(* Let $r\ge2$, $\mathbf z=(z_1,\dots,z_r)^\intercal\in\Omega^r$, and $t\in\mathbb C_\infty$ with $|t|_\infty\le1$. Then \[\sum'_{a_1,\dots,a_r\in A}\frac{a_1(t)}{a_1z_1+\dots+a_rz_r}=\tilde\pi\sum_{0\ne a_1\in A}a_1(t)\,u_{a_1}(\mathbf z).\]
   Context: Let $q$ be a prime power, $A=\mathbb F_q[\theta]$, $|\theta|_\infty=q$, $K_\infty=\mathbb F_q((1/\theta))$, $\mathbb C_\infty$ the completion of an algebraic closure of $K_\infty$; $a(t)$ is $a\in A$ with $\theta$ replaced by $t$. Fix $(-\theta)^{1/(q-1)}$, $\tilde\pi=\theta(-\theta)^{1/(q-1)}\prod_{i\ge1}(1-\theta^{1-q^i})^{-1}$. For an $A$-lattice $\Lambda\subset\mathbb C_\infty$ (free finitely generated discrete $A$-module), $\exp_\Lambda(x)=x\prod_{0\ne\lambda\in\Lambda}(1-x/\lambda)$. $\Omega^r$: vectors $\mathbf z=(z_1,\dots,z_r)^\intercal\in\mathbb C_\infty^r$ with $K_\infty$-linearly independent entries and $z_r=1$; $\tilde{\mathbf z}=(z_2,\dots,z_r)^\intercal$, $\tilde\pi\tilde{\mathbf z}A=A\tilde\pi z_2+\dots+A\tilde\pi z_r$. For $a\in A$, $u_a(\mathbf z)=\exp_{\tilde\pi\tilde{\mathbf z}A}(\tilde\pi az_1)^{-1}$. $\sum'$ excludes $(a_1,\dots,a_r)=(0,\dots,0)$. *)

(* C_infinity is modelled abstractly: we quantify over any
   algebraically closed field C with a real absolute value satisfying the
   axioms that characterise C_infinity up to isometric isomorphism. *)
From HB Require Import structures.
From mathcomp Require Import all_boot all_order all_algebra.
From mathcomp Require Import reals.
Set Implicit Arguments. Unset Strict Implicit. Unset Printing Implicit Defensive.
Import Order.TTheory GRing.Theory Num.Theory.
Local Open Scope ring_scope.

Section CinfDefs.
Variables (R : realType) (F : finFieldType) (C : closedFieldType).
Variables (abs : C -> R) (iota : {rmorphism F -> C}) (theta : C).

Definition qF : nat := #|F|.

(* a(x) : the element a of A = F_q[theta] with theta replaced by x *)
Definition evalA (a : {poly F}) (x : C) : C := (map_poly iota a).[x].

Definition polyOf (N : nat) (g : {ffun 'I_N -> F}) : {poly F} := \sum_(i < N) g i *: 'X^i.

Definition abs_axioms : Prop :=
  (forall x, 0 <= abs x) /\ (forall x, abs x = 0 <-> x = 0) /\
  (forall x y, abs (x * y) = abs x * abs y) /\
  (forall x y, abs (x + y) <= Num.max (abs x) (abs y)).

Definition cvgC (u : nat -> C) (l : C) : Prop :=
  forall eps : R, 0 < eps -> exists N, forall n, (N <= n)%N -> abs (u n - l) < eps.

Definition cauchyC (u : nat -> C) : Prop :=
  forall eps : R, 0 < eps -> exists N, forall m n,
    (N <= m)%N -> (N <= n)%N -> abs (u m - u n) < eps.

Definition completeC : Prop := forall u, cauchyC u -> exists l, cvgC u l.

(* K_infinity: the closure of F_q(theta) in C *)
Definition Kinf (x : C) : Prop :=
  exists a b : nat -> {poly F}, (forall n, b n != 0) /\
    cvgC (fun n => evalA (a n) theta / evalA (b n) theta) x.

Definition alg_over_Kinf (x : C) : Prop :=
  exists p : {poly C}, p != 0 /\ (forall i, Kinf p`_i) /\ root p x.

Definition is_Cinf : Prop :=
  abs_axioms /\ abs theta = (qF%:R : R) /\ completeC /\
  (forall x (eps : R), 0 < eps -> exists y, alg_over_Kinf y /\ abs (x - y) < eps).

(* Omega^r, with z indexed 0..r-1 (z i = z_{i+1} of the paper) *)
Definition in_Omega (r : nat) (z : nat -> C) : Prop :=
  (forall c : nat -> C, (forall i, (i < r)%N -> Kinf (c i)) ->
     \sum_(i < r) c i * z i = 0 -> forall i, (i < r)%N -> c i = 0) /\
  z r.-1 = 1.

(* partial products defining pi~ = theta xi prod_{i>=1} (1 - theta^(1-q^i))^-1 *)
Definition pi_partial (xi : C) (N : nat) : C :=
  theta * xi * \prod_(1 <= i < N.+1) (1 - (theta ^+ (qF ^ i - 1))^-1)^-1.

(* partial products of exp_{pi~ z~ A}(pi~ a z_1), over lattice elements
   pi~ (a_2 z_2 + ... + a_r z_r) with deg a_j < N *)
Definition exp_partial (r : nat) (z : nat -> C) (pit : C) (a : {poly F}) (N : nat) : C :=
  let x := pit * evalA a theta * z 0%N in
  x * \prod_(g : {ffun 'I_r.-1 -> {ffun 'I_N -> F}} | g != 0)
        (1 - x / (pit * \sum_(j < r.-1) evalA (polyOf (g j)) theta * z j.+1)).

(* partial sums of the LHS over (a_1,...,a_r) != 0 with deg a_i < N *)
Definition lhs_partial (r : nat) (z : nat -> C) (t : C) (N : nat) : C :=
  \sum_(f : {ffun 'I_r -> {ffun 'I_N -> F}} | f != 0)
     (* numerator a_1(t): the (only) index i with val i = 0 *)
     (\sum_(i < r | val i == 0%N) evalA (polyOf (f i)) t) /
     (\sum_(i < r) evalA (polyOf (f i)) theta * z i).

• • • • • • •

# Your task
The line with "Variables (abs : C" is the last to include; transcribe exactly every line from the top of the material above down to it.

# Written response
(* Let $r\ge2$, $\mathbf z=(z_1,\dots,z_r)^\intercal\in\Omega^r$, and $t\in\mathbb C_\infty$ with $|t|_\infty\le1$. Then \[\sum'_{a_1,\dots,a_r\in A}\frac{a_1(t)}{a_1z_1+\dots+a_rz_r}=\tilde\pi\sum_{0\ne a_1\in A}a_1(t)\,u_{a_1}(\mathbf z).\]
   Context: Let $q$ be a prime power, $A=\mathbb F_q[\theta]$, $|\theta|_\infty=q$, $K_\infty=\mathbb F_q((1/\theta))$, $\mathbb C_\infty$ the completion of an algebraic closure of $K_\infty$; $a(t)$ is $a\in A$ with $\theta$ replaced by $t$. Fix $(-\theta)^{1/(q-1)}$, $\tilde\pi=\theta(-\theta)^{1/(q-1)}\prod_{i\ge1}(1-\theta^{1-q^i})^{-1}$. For an $A$-lattice $\Lambda\subset\mathbb C_\infty$ (free finitely generated discrete $A$-module), $\exp_\Lambda(x)=x\prod_{0\ne\lambda\in\Lambda}(1-x/\lambda)$. $\Omega^r$: vectors $\mathbf z=(z_1,\dots,z_r)^\intercal\in\mathbb C_\infty^r$ with $K_\infty$-linearly independent entries and $z_r=1$; $\tilde{\mathbf z}=(z_2,\dots,z_r)^\intercal$, $\tilde\pi\tilde{\mathbf z}A=A\tilde\pi z_2+\dots+A\tilde\pi z_r$. For $a\in A$, $u_a(\mathbf z)=\exp_{\tilde\pi\tilde{\mathbf z}A}(\tilde\pi az_1)^{-1}$. $\sum'$ excludes $(a_1,\dots,a_r)=(0,\dots,0)$. *)

(* C_infinity is modelled abstractly: we quantify over any
   algebraically closed field C with a real absolute value satisfying the
   axioms that characterise C_infinity up to isometric isomorphism. *)
From HB Require Import structures.
From mathcomp Require Import all_boot all_order all_algebra.
From mathcomp Require Import reals.
Set Implicit Arguments. Unset Strict Implicit. Unset Printing Implicit Defensive.
Import Order.TTheory GRing.Theory Num.Theory.
Local Open Scope ring_scope.

Section CinfDefs.
Variables (R : realType) (F : finFieldType) (C : closedFieldType).
Variables (abs : C -> R) (iota : {rmorphism F -> C}) (theta : C).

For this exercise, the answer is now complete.